Помочь он ей не мог. Вся она, с приступами боли, с жжением и огнем в левой половине тела, с припадками экстаза, с истериками и ночными кошмарами, оказывалась вне его воли. Другим он умел снимать боль наложением рук, причем боль зубную, а это самый трудный для подобного лечения случай — но ей, такой близкой, такой единственной, такой любимой, он облегчить страданий не умел. Отчего? Он слишком за неё боялся, слишком был ей подчинен, слишком растворялся в ней. Любовь лишала его способностей — все то, чему его когда-то научил шаман на дальних островах, на Сарру не действовало.

Лучшие врачи, лучшие гувернантки, лучшие профессора граф тратил на них деньги с той же свободой, с какой тратил их прежде за карточным столом. К деньгам он всегда относился так, словно деньги, во-первых, сколько их не трать, все равно никогда не кончатся, а во-вторых, не имеют особенной цены. В его тратах чувствуются размах и энергия, а в нем самом непривычное для нас сознание неисчерпаемых ресурсов. Мир для графа Федора Толстого не убывал, не сжимался, не грозил превратится в унылую пустыню, а всегда существовал в первозданной неисчерпаемой роскоши. Он, как и Нащокин, Змиев, Давыдов, Киселев, жил в сознании, что ничто никогда не кончится: ни земля, ни вода, ни леса, ни воздух, ни деньги, ни люди, ни Россия.

Мы все время экономим, все время считаем рубли, доллары, часы, минуты, километры, киловатты, литры. Мы обвешены счетчиками газа, электричества и воды, облеплены сберкнижками и банковскими счетами, которые все время тикают, то принося нам три копейки, то отнимая их. Граф Федор Толстой подобной мелочности не ведал: тратил что есть и, наверное, даже не знал в точности, сколько у него ещё есть. А если и знал, то это его ни в первой жизни, ни во второй не останавливало: отсутствие денег для него не повод отказываться от такой святой вещи, как собственное желание или прихоть дочери. Если денег нет, так можно занять. Из трех доступных мне сохранившихся писем Американца два посвящены деньгам, а вернее — их отсутствию. В письме без даты, написанном, может быть, при жизни Сарры, он пишет полковнику Киселеву: «Мне бы надо было быть Петрушкой Д… что бы не чувствовать цену твоей терпеливости мой любезнейший Сергей Дмитриевичъ. Со всем темъ, вотъ все что могу отвечать на твою записку: сiю минуту отпускаю одну из Гувернантокъ, не бывъ в состоянии ей платить. К рязанскому именiю приставлена опека, подмосковное и тамбовское имения скоро подвергнутся токовой же участи».
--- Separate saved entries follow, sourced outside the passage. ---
(* The cocycle identity: x + y + z + U is still proper when |U| + 4 <= n. *)
Lemma swap_iso_cocycle (hn4 : #|U| + 4 <= n) x y z hx hy hz :
  ccomp (@swap_iso x y hx hy) (@swap_iso y z hy hz) = swap_iso hx hz.
Proof.
have aboveQ : above (x |: (y |: (z |: U))).
  apply: (above_of_new_point hx); rewrite ?setU11 //.
  - by do 3 apply: subset_trans (subsetUr _ _).
  - rewrite !cardsU1; move: (x \notin _) (y \notin _) (z \notin _) => [] [] [] /=;
    by set c := #|U|; lia.
pose Q : Upper := exist above _ aboveQ.
have xQ : x \in uset Q by rewrite /= setU11.
have yQ : y \in uset Q by rewrite /= setU1r // setU11.
have zQ : z \in uset Q by rewrite /= setU1r // setU1r // setU11.
rewrite (swap_iso_via hx hy xQ yQ) (swap_iso_via hy hz yQ zQ) (swap_iso_via hx hz xQ zQ).
by rewrite -!ccompA (ccompA (gpd_inv _)) gpd_invL ccomp1l.
Qed.

Definition transport (X : Upper) : chom (upper_obj X) (upper_obj (ext1 x0_notin)) :=
  ccomp (swap_iso x0_notin (new_point_notin X))
        (upper_map (ext1_sub (new_point_notin X) (new_point_mem X))).

Section Coherence.
Hypothesis hn4 : #|U| + 4 <= n.

Lemma transport_indep y z (hy : y \notin U) (hz : z \notin U) (X : Upper)
  (hyX : y \in uset X) (hzX : z \in uset X) :
  ccomp (swap_iso x0_notin hy) (upper_map (ext1_sub hy hyX)) =
  ccomp (swap_iso x0_notin hz) (upper_map (ext1_sub hz hzX)).
Proof.
rewrite -(swap_iso_cocycle hn4 x0_notin hy hz) (swap_iso_via hy hz hyX hzX).
by rewrite -!ccompA gpd_invL ccomp1r.
Qed.

Lemma transport_compat (X Y : Upper) (h : uset X \subset uset Y) :
  ccomp (transport X) (upper_map h) = transport Y.
Proof.
have yY : new_point X \in uset Y by apply: (subsetP h); exact: new_point_mem.
rewrite /transport -ccompA (upper_map_comp _ _ (ext1_sub (new_point_notin X) yY)).
exact: transport_indep.
Qed.

Lemma transport_base : transport (ext1 x0_notin) = cid _.
Proof.
have x0_in : x0 \in uset (ext1 x0_notin) by rewrite /= setU11.
rewrite /transport (transport_indep (new_point_notin _) x0_notin (new_point_mem _) x0_in).
by rewrite swap_iso_refl ccomp1l; exact: upper_map_id.
Qed.

End Coherence.
End NewSet.
End UpperDiagram.

Section UpperRestriction.
Variables (n : nat) (Phi : PFun n) (J : nat) (B : lim J Phi).

Definition upper_restrict (U V : {set 'I_n}) (hUV : U \subset V) (X : Upper J V) : Upper J U.
Proof.
refine (exist _ (uset X) _); apply/andP; split; last exact: upper_B.
exact: subset_trans hUV (upper_sub X).
Defined.

Lemma upper_restrictE (U V : {set 'I_n}) (hUV : U \subset V) (X : Upper J V) :
  pres Phi hUV (upper_obj B X) = upper_obj B (upper_restrict hUV X).
Proof.
rewrite /upper_obj (pres_comp_obj hUV (upper_sub X) (upper_sub (upper_restrict hUV X))
                                  (Bpred_proper (upper_B X))).
by congr (pres _ _ _); apply: la_irr.
Qed.

Lemma pres_upper_map (U V : {set 'I_n}) (hUV : U \subset V) (X Y : Upper J V)
  (h : uset X \subset uset Y) :
  ccomp (eq_hom (upper_restrictE hUV X)) (fmap (pres Phi hUV) (upper_map B h)) =
  ccomp (@upper_map n Phi J B U (upper_restrict hUV X) (upper_restrict hUV Y) h)
        (eq_hom (upper_restrictE hUV Y)).
Proof.
rewrite /upper_map !unlock /upper_map_def; simpl_comp.
rewrite (pres_comp_hom hUV (upper_sub X) (upper_sub (upper_restrict hUV X))
                       (Bpred_proper (upper_B X))) hcast_eq_hom; simpl_comp.
rewrite (lal_irr B (upper_B X) (upper_B (upper_restrict hUV X))
                   (upper_B Y) (upper_B (upper_restrict hUV Y))); simpl_comp.
by close_eq_hom.
Qed.
Lemma submult_mxnorm_polar : exists2 c : R, 1 <= c & forall x, x \in unitmx ->
  exists (Q W : 'M[R[i]]_n) (r : 'rV[R]_n), [/\ Q \is unitarymx, W \is unitarymx,
    x = diagconj Q (map_mx (real_complex R) r) *m W &
    forall k, [/\ 0 < r 0 k, r 0 k <= c * Num.max (nm x) (nm (invmx x))
                & (r 0 k)^-1 <= c * Num.max (nm x) (nm (invmx x))]].
Proof.
have [K K_ge0 entry_le] := submult_mxnorm_entry_le.
exists (n%:R ^+ 2 * K + 1) => [|x xu]; first by rewrite lerDr mulr_ge0 ?exprn_ge0.
have [nm_ge0 _ _ _ _] := nmP; set s := Num.max _ _.
have s_ge0 : 0 <= s by rewrite le_max nm_ge0.
have entry_s y : nm y <= s -> forall i j, normc (y i j) <= K * s.
  by move=> ys i j; apply: le_trans (entry_le y i j) _; rewrite ler_wpM2l.
have [||Q [W [r [Qunitary Wunitary xE r_le]]]] :=
  polar_diagconj_le xu (entry_s x _) (entry_s (invmx x) _).
- by rewrite le_max lexx.
- by rewrite le_max lexx orbT.
have cs : n%:R ^+ 2 * (K * s) <= (n%:R ^+ 2 * K + 1) * s.
  by rewrite mulrA ler_wpM2r ?lerDl.
exists Q, W, r; split => // k; have [r0 rle rVle] := r_le k.
by split; rewrite // (le_trans _ cs).
Qed.

End SubmultiplicativeNorm.

Lemma near1_entrywise (R : realType) n (P : 'M[R[i]]_n -> Prop) :
  (\forall y \near (1%:M : 'M[R[i]]_n), P y) ->
  exists2 e : R, 0 < e &
    forall y, (forall i j, Normc.normc ((1%:M - y) i j) < e) -> P y.
Proof.
move=> /nbhs_ballP [e e0 e_ball]; have := e0; rewrite /= ltcE => /andP[/eqP Ime Ree].
have eE : e = (complex.Re e)%:C by move: Ime; case: (e) => a b /= ->.
exists (complex.Re e) => // y y_near; apply: e_ball; split => // i j.
by rewrite /ball /= eE; have := y_near i j; rewrite !mxE -ltcR.
Qed.

Theorem mainTheorem5 (R : realType) (n : nat) (nm : 'M[R[i]]_n -> R) :
  submult_mxnorm nm ->
  forall f : 'M[R[i]]_n -> R, semicharacter_GL f ->
  exists (C : R) (N : nat), 1 <= C /\
    (forall x : 'M[R[i]]_n, x \in unitmx -> f x <= rNC nm C N x).
Proof.
move=> nmP f [f_ge1 f_mul f_loc].
have [n0|n_gt0] := posnP n.
  exists (Num.max 1 (f 0)), 0%N; split => [|x _]; first by rewrite le_max lexx.
  rewrite /rNC expr0 mulr1 (_ : x = 0) ?le_max ?lexx ?orbT //.
  by apply/matrixP => i; have := ltn_ord i; rewrite [X in (_ < X)%N]n0.
have [M M_near] := f_loc 1%:M (unitmx1 _ _).
have [e e_gt0 f_near1] := near1_entrywise M_near.
have [C1 C1_ge1 W_le] := semichar_unitary_bounded f_ge1 f_mul f_near1 e_gt0.
have [B B_ge1 [N P_le]] := semichar_positive_poly f_ge1 f_mul f_near1 e_gt0.
have [c c_ge1 polar] := submult_mxnorm_polar nmP.
exists (B * c ^+ N * C1), N; split => [|x xu]; first by rewrite !mulr_ege1 ?exprn_ege1.
have s_ge1 := submult_mxnorm_inv_ge1 nmP n_gt0 xu.
have [Q [W [r [Qunitary Wunitary xE r_le]]]] := polar x xu.
have Qu := unitarymx_unit Qunitary; have Wu := unitarymx_unit Wunitary.
have Pu : diagconj Q (map_mx (real_complex R) r) \in unitmx.
  by apply: diagconj_real_unit => // k; case: (r_le k).
rewrite /rNC [in f x]xE; apply: le_trans (f_mul _ _ Pu Wu) _.
rewrite mulrAC -[B * _ * _]mulrA -exprMn.
apply: ler_pM; rewrite ?(le_trans ler01 (f_ge1 _ _)) ?W_le //.
by apply: P_le => //; apply: mulr_ege1.
Qed.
Боль теперь не оставляла Сарру даже во сне. Утром, встав, она выходила к встревоженному отцу с улыбкой, но её улыбка мучила его сильнее, чем если бы она плакала и стонала. В этой улыбке на смуглом милом лице было столько терпения и столько желания не омрачать ему жизнь! «Сарра, тебе больно?» — «Нет, сейчас нет» — «Но ты обманываешь меня!» — «Я не обманываю тебя, дорогой папа! Мне сейчас совсем не больно!» Она не хотела больше никаких врачей и никакого лечения, кроме гомеопатического, которое упорно прописывала себе сама; но он, видя эту её просветленную улыбку, просил разрешить ему пригласить врача. Он видел, что ей плохо, и уговаривал её, мягко и упорно, стараясь скрыть свой страх, но не в состоянии скрыть: она видела, как он боится за неё, читала это в его глазах, в его голосе. Она не соглашалась, но потом согласилась — не ради себя, а ради него.
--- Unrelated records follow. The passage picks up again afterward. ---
Lemma eq_bterm S g g' : {in S, g =1 g'} -> bterm S g = bterm S g'.
Proof.
move=> eq_g; rewrite /bterm /bnum /bden.
congr (_ / _); apply: eq_bigr => x xS; first by rewrite eq_g //; case/andP: xS.
by apply: eq_bigr => z /andP [zS _]; rewrite !eq_g.
Qed.

Lemma bnum_setD1 S v g : v \in S -> bnum S g = g v ^+ (v != r) * bnum (S :\ v) g.
Proof.
move=> vS; rewrite /bnum big_mkcondr (big_setD1 v vS) -big_mkcondr /=.
by case: (v != r); rewrite ?expr0 ?expr1.
Qed.

Lemma bden_setD1_edges S w g : w \in S ->
  bden S g = bden (S :\ w) g * \prod_(z in S | ed w z) (g w - g z) *
             \prod_(x in S | ed x w) (g x - g w).
Proof.
move=> wS.
have row i : \prod_(z in S | ed i z) (g i - g z) =
    (if ed i w then g i - g w else 1) * \prod_(z in S :\ w | ed i z) (g i - g z).
  by rewrite !big_mkcondr /= (big_setD1 w wS).
have col : \prod_(x in S | ed x w) (g x - g w) =
    \prod_(x in S :\ w) (if ed x w then g x - g w else 1).
  by rewrite big_mkcondr /= (big_setD1 w wS) /= ed_irr mul1r.
rewrite /bden (big_setD1 w wS) /= col.
rewrite [in LHS](eq_bigr _ (fun i _ => row i)).
by rewrite big_split /=; ring.
Qed.

Lemma bden_setD1 S w g : w \in S ->
  bden S g = bden (S :\ w) g * ((-1) ^+ indeg S w * \prod_(x in nbhd S w) (g w - g x)).
Proof.
move=> wS; rewrite (bden_setD1_edges _ wS) -mulrA; congr (_ * _).
have -> : (-1) ^+ indeg S w = \prod_(x in S | ed x w) (-1) :> F.
  by rewrite -prodr_const; apply: eq_bigl => x; rewrite inE.
have -> : \prod_(x in nbhd S w) (g w - g x) =
    \prod_(z in S | ed w z) (g w - g z) * \prod_(x in S | ed x w) (g w - g x).
  rewrite (eq_bigl (fun x => (x \in S) && adj w x)) => [|x]; last by rewrite inE.
  rewrite !big_mkcondr -big_split /=; apply: eq_bigr => x _; rewrite /adj.
  case e1: (ed w x); case e2: (ed x w); rewrite ?mulr1 ?mul1r //.
  by move: (ed_asym e1); rewrite e2.
rewrite mulrCA -big_split /=; congr (_ * _).
by apply: eq_bigr => x _; rewrite mulN1r opprB.
Qed.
Знаменитый врач доктор Мартын Мартынович Мандт, которого привез к Сарре Федор Толстой, был строг, даже суров. В первых же словах он потребовал от больной беспрекословного подчинения его предписаниям, а от графа Толстого — ежедневных письменных отчетов о состоянии дочери. Доктор Мандт назначил Сарре курс лечения длиной в десять недель и прописал ей порошки и диету. Она ненавидела врачей, которые с таким самомнением распоряжались её временем и её телом, ненавидела лечение, которое они ей прописывали с самоуверенным видом, тогда как она уже давно знала, что ей ничего не поможет, но характер её был таков, что она не показывала ни слабости, ни отвращения; она не жаловалась и делала даже больше, чем врач от неё требовал, и тем очень удивляла его. Мандт не ждал от неё такой стойкости. Но в середине этих мучительных десяти недель её стала захватывать какая-то новая, глубокая, тихая тоска. Припадков не было, уныние было.

Вечерами они сидели в гостиной, она в кресле с книжкой на коленях, он у камина, и долго молчали. Вдруг одновременно поднимали глаза, смотрели друг на друга и без слов понимали все. Бросались друг другу в объятья и затихали.

Доктор Мандт, лечивший графиню Сарру Толстую зимой 1838 года в Санкт-Петербурге, вошел в русскую историю как тот самый лейб-медик, который в феврале 1855 года то ли не смог спасти императора Николая Первого от гриппа, то ли дал ему яд и помог покончить самоубийством. Это тот самый доктор Мандт, который сначала заверял близких императора, что опасности нет, а потом объявил, что положение безнадежное. Некоторые люди при дворе называли Мандта «страшным человеком» и считали его чуть ли не заговорщиком, умышленно травившим Николая Первого своими порошками. Другие полагали, что он просто плохой, к тому растерявшийся в момент опасности врач. Мнение о Мандте как о враче-убийце было так распространено, что толпа народа, собравшаяся перед Зимним дворцом в день смерти императора, хотела разорвать его на части. Доктора вывели из дворца через задний ход. Все последующие дни он просидел в своей квартире, боясь выходить на улицу, а потом уехал в Германию. Он не мог не уехать: после смерти императора санкт-петербургское высшее общество перестало принимать его. Это был катастрофический конец карьеры не только карьеры в России, но и вообще всей карьеры врача.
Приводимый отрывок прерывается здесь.